* Assignment:
Word for word, restate the lines that run from the line containing "Local Open Scope classical_set_scope." to the last line of the records below.

* Record excerpts:

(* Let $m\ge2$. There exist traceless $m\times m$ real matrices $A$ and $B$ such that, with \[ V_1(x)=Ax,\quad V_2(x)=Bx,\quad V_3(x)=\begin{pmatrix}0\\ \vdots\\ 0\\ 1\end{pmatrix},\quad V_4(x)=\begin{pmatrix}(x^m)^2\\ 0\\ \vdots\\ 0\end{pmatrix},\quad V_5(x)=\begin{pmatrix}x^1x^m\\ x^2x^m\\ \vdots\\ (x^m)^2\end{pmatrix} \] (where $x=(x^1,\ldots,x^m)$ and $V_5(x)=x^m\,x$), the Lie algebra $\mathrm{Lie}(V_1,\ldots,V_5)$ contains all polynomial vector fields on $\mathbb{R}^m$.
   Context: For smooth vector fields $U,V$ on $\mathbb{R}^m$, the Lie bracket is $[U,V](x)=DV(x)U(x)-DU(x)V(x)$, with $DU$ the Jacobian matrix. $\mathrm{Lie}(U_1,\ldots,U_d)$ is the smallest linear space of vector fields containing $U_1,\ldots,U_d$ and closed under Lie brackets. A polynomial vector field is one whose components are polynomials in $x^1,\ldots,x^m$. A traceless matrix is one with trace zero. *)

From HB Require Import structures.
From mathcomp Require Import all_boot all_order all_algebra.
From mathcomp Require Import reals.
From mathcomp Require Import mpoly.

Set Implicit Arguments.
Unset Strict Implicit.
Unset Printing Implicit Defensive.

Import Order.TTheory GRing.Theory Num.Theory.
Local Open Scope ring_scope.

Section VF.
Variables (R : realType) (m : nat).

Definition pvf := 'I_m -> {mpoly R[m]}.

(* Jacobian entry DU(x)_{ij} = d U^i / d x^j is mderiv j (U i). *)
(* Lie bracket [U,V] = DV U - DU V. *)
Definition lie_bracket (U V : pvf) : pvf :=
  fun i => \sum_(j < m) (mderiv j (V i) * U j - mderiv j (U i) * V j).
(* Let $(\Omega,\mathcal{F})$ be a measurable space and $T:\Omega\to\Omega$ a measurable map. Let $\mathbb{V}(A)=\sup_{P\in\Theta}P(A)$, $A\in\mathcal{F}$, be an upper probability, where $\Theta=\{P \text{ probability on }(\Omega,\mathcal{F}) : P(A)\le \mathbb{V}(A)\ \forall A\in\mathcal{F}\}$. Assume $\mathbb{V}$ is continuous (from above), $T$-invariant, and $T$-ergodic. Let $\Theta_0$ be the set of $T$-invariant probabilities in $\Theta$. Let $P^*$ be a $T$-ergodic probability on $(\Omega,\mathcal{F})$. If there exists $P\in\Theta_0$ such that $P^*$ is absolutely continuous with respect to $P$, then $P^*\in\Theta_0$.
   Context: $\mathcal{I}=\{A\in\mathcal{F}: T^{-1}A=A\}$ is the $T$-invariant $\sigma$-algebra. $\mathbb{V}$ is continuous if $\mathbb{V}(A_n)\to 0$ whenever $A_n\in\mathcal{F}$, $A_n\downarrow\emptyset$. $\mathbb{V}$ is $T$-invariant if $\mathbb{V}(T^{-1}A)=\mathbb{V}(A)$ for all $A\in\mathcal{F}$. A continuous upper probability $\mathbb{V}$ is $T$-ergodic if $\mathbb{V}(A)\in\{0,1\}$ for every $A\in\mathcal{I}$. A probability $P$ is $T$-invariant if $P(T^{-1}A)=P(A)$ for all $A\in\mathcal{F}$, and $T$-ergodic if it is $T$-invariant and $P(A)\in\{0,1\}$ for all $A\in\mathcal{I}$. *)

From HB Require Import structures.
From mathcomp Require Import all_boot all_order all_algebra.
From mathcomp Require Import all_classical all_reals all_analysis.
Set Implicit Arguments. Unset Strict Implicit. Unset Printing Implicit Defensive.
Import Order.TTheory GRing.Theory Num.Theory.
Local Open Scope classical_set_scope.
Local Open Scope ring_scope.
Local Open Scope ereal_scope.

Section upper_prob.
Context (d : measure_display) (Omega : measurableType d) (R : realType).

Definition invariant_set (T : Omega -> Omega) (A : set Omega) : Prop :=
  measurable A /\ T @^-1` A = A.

* Task answer:
Local Open Scope classical_set_scope.
Local Open Scope ring_scope.
Local Open Scope ereal_scope.

Section upper_prob.
Context (d : measure_display) (Omega : measurableType d) (R : realType).

Definition invariant_set (T : Omega -> Omega) (A : set Omega) : Prop :=
  measurable A /\ T @^-1` A = A.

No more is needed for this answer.